Description of the task
Each line below from the one containing "under [RHS]eq_bigr =>" through the one containing "move=> gramPhi a" should be output exactly as it stands, and no other line should appear.

Available records: Begin

Record syn_monad {C : Type} (ctype : C -> ty) (crule : tm C -> tm C -> Prop) :=
  { mT : ty -> ty;
    munit : ty -> tm C;
    mstar : ty -> ty -> tm C;
    mmerge : ty -> ty -> tm C;
    munit_ty : forall X, has_type ctype [] (munit X) (TArr X (mT X));
    mstar_ty : forall X Y, has_type ctype [] (mstar X Y)
                 (TArr (TArr X (mT Y)) (TArr (mT X) (mT Y)));
    mmerge_ty : forall X Y, has_type ctype [] (mmerge X Y)
                 (TArr (mT X) (TArr (mT Y) (mT (TProd X Y))));
    mlaw_unit_l : forall X a, has_type ctype [] a (mT X) ->
        red crule (App (App (mstar X X) (munit X)) a) a;
    mlaw_unit_r : forall X Y f x, has_type ctype [] f (TArr X (mT Y)) ->
        has_type ctype [] x X ->
        red crule (App (App (mstar X Y) f) (App (munit X) x)) (App f x);
    mlaw_merge : forall X Y x y, has_type ctype [] x X -> has_type ctype [] y Y ->
        red crule (App (App (mmerge X Y) (App (munit X) x)) (App (munit Y) y))
                  (App (munit (TProd X Y)) (Pair x y)) }.

Arguments mT {C ctype crule}. Arguments munit {C ctype crule}.
Arguments mstar {C ctype crule}. Arguments mmerge {C ctype crule}.

(* star^k at types X1..Xk, Y, defined through an accumulator so that the
   recursion  star^{k+2} f x y = star^{k+1} (λz. f (π1 z) (π2 z)) (merge x y)
   is structural. *)
Fixpoint starAcc {C ctype crule} (M : @syn_monad C ctype crule)
    (X : ty) (rest : list ty) (Y : ty) : tm C :=
  match rest with
  | [] => mstar M X Y
  | X2 :: rest' =>
      Lam (Lam (Lam
        (App (App (starAcc M (TProd X X2) rest' Y)
                  (Lam (App (App (Var 3) (Fst (Var 0))) (Snd (Var 0)))))
             (App (App (mmerge M X X2) (Var 1)) (Var 0)))))
  end.

Definition starK {C ctype crule} (M : @syn_monad C ctype crule)
    (Xs : list ty) (Y : ty) : tm C :=
  match Xs with
  | [] => Lam (Var 0)
  | X :: rest => starAcc M X rest Y
  end.

Fixpoint lams {C} (n : nat) (t : tm C) : tm C :=
  match n with 0 => t | S m => Lam (lams m t) end.

(* raise^k = λf. star^k (λx1 ... λxk. unit (f x1 ... xk)) *)
Definition raiseK {C ctype crule} (M : @syn_monad C ctype crule)
    (Xs : list ty) (Y : ty) : tm C :=
  let k := length Xs in
  Lam (App (starK M Xs Y)
           (lams k (App (munit M Y)
                        (apps (Var k) (map Var (rev (seq 0 k))))))).

Inductive aterm : Type :=
| AVar : nat -> aterm
| AZero : aterm
| ASucc : aterm -> aterm
| AAdd : aterm -> aterm -> aterm
| AMul : aterm -> aterm -> aterm.

Inductive form : Type :=
| FAtom : (list nat -> bool) -> list aterm -> form
| FAnd : form -> form -> form
| FOr : form -> form -> form
| FImp : form -> form -> form
| FAll : form -> form
| FEx : form -> form.

Definition FBot : form := FAtom (fun _ => false) [].

Fixpoint aclosed (d : nat) (t : aterm) : Prop :=
  match t with
  | AVar i => i < d
  | AZero => True
  | ASucc t => aclosed d t
  | AAdd t s | AMul t s => aclosed d t /\ aclosed d s
  end.

Fixpoint fclosed (d : nat) (A : form) : Prop :=
  match A with
  | FAtom _ ts => Forall (aclosed d) ts
  | FAnd B C | FOr B C | FImp B C => fclosed d B /\ fclosed d C
  | FAll B | FEx B => fclosed (S d) B
  end.

Definition closed (A : form) : Prop := fclosed 0 A.

Fixpoint anum (n : nat) : aterm :=
  match n with 0 => AZero | S m => ASucc (anum m) end.

Fixpoint asubst (k m : nat) (t : aterm) : aterm :=
  match t with
  | AVar i => if i =? k then anum m else if k <? i then AVar (pred i) else AVar i
  | AZero => AZero
  | ASucc t => ASucc (asubst k m t)
  | AAdd t s => AAdd (asubst k m t) (asubst k m s)
  | AMul t s => AMul (asubst k m t) (asubst k m s)
  end.

Fixpoint fsubst (k m : nat) (A : form) : form :=
  match A with
  | FAtom P ts => FAtom P (map (asubst k m) ts)
  | FAnd B C => FAnd (fsubst k m B) (fsubst k m C)
  | FOr B C => FOr (fsubst k m B) (fsubst k m C)
  | FImp B C => FImp (fsubst k m B) (fsubst k m C)
  | FAll B => FAll (fsubst (S k) m B)
  | FEx B => FEx (fsubst (S k) m B)
  end.

(* B[x := n̄] where x is the variable bound by the outer quantifier *)
Definition finst (B : form) (n : nat) : form := fsubst 0 n B.

Fixpoint aeval (t : aterm) : nat :=
  match t with
  | AVar _ => 0
  | AZero => 0
  | ASucc t => S (aeval t)
  | AAdd t s => aeval t + aeval s
  | AMul t s => aeval t * aeval s
  end.

Definition atom_true (P : list nat -> bool) (ts : list aterm) : Prop :=
  P (map aeval ts) = true.

Fixpoint tau (T : ty -> ty) (A : form) : ty :=
  match A with
  | FAtom _ _ => TUnit
  | FAnd B C => TProd (tau T B) (tau T C)
  | FOr B C => TSum (tau T B) (tau T C)
  | FImp B C => TArr (tau T B) (T (tau T C))
  | FAll B => TArr TNat (T (tau T B))
  | FEx B => TProd TNat (tau T B)
  end.
Lemma sesq_tensmap a m n (Phi : 'M[C]_m -> 'M[C]_n) (X : 'M[C]_(a * m)) x y :
  sesq (tensmap (@id 'M[C]_a) Phi X) x y =
  pairing X (fun e f => sesq (Phi (delta_mx (mxtens_unindex e).2 (mxtens_unindex f).2))
                            (slice x (mxtens_unindex e).1) (slice y (mxtens_unindex f).1)).
Proof.
rewrite /sesq /tensmap pairing_sum {2}/pairing sum_mxtens_index; apply: eq_bigr => i _.
under [RHS]eq_bigr => k _ do rewrite sum_mxtens_index.
rewrite [RHS]exchange_big pairing_sum; apply: eq_bigr => j _.
rewrite pairing_sum; apply: eq_bigr => k _; rewrite pairing_sum; apply: eq_bigr => l _.
by rewrite pairingZ pairing_tensmx pairing_delta_mx !mxtens_indexK.
Qed.

Lemma compl_pos_gram m n (Phi : 'M[C]_m -> 'M[C]_n) :
  (forall a (y : 'I_a -> 'I_n -> C),
     gram (fun u v : 'I_a * 'I_m => sesq (Phi (delta_mx u.2 v.2)) (y u.1) (y v.1))) ->
  compl_pos Phi.
Proof.
move=> gramPhi a X pX; apply/psdmx_sesq => x; rewrite sesq_tensmap.
exact: (pairing_ge0 pX (gram_comp (@mxtens_unindex a m) (gramPhi a (slice x)))).
Qed.

Definition tenskernel m n (H1 : 'I_m -> 'I_m -> C) (H2 : 'I_n -> 'I_n -> C)
    (e f : 'I_(m * n)) : C :=
  H1 (mxtens_unindex e).1 (mxtens_unindex f).1 * H2 (mxtens_unindex e).2 (mxtens_unindex f).2.

Lemma gram_tenskernel m n (H1 : 'I_m -> 'I_m -> C) (H2 : 'I_n -> 'I_n -> C) :
  gram H1 -> gram H2 -> gram (tenskernel H1 H2).
Proof.
move=> g1 g2; apply: gramM.
  exact: (gram_comp (fun e => (mxtens_unindex e).1) g1).
exact: (gram_comp (fun e => (mxtens_unindex e).2) g2).
Qed.

Lemma tenskernel_delta m n (e f : 'I_(m * n)) :
  tenskernel (fun i j => (i == j)%:R) (fun s t => (s == t)%:R) e f = (e == f)%:R.
Proof.
case: (mxtens_indexP e) => i s; case: (mxtens_indexP f) => j t.
by rewrite /tenskernel !mxtens_indexK mxtens_index_eq -natrM mulnb.
Qed.

Lemma pairing_tenskernel m n (A : 'M[C]_m) (B : 'M[C]_n) H1 H2 :
  pairing (A *t B) (tenskernel H1 H2) = pairing A H1 * pairing B H2.
Proof.
rewrite pairing_tensmx mulrC -pairingZr; apply: eq_pairing => i j.
rewrite mulrC -pairingZr; apply: eq_pairing => s t.
by rewrite /tenskernel !mxtens_indexK.
Qed.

Available records: End

Solution for this exercise
under [RHS]eq_bigr => k _ do rewrite sum_mxtens_index.
rewrite [RHS]exchange_big pairing_sum; apply: eq_bigr => j _.
rewrite pairing_sum; apply: eq_bigr => k _; rewrite pairing_sum; apply: eq_bigr => l _.
by rewrite pairingZ pairing_tensmx pairing_delta_mx !mxtens_indexK.
Qed.

Lemma compl_pos_gram m n (Phi : 'M[C]_m -> 'M[C]_n) :
  (forall a (y : 'I_a -> 'I_n -> C),
     gram (fun u v : 'I_a * 'I_m => sesq (Phi (delta_mx u.2 v.2)) (y u.1) (y v.1))) ->
  compl_pos Phi.
Proof.
move=> gramPhi a X pX; apply/psdmx_sesq => x; rewrite sesq_tensmap.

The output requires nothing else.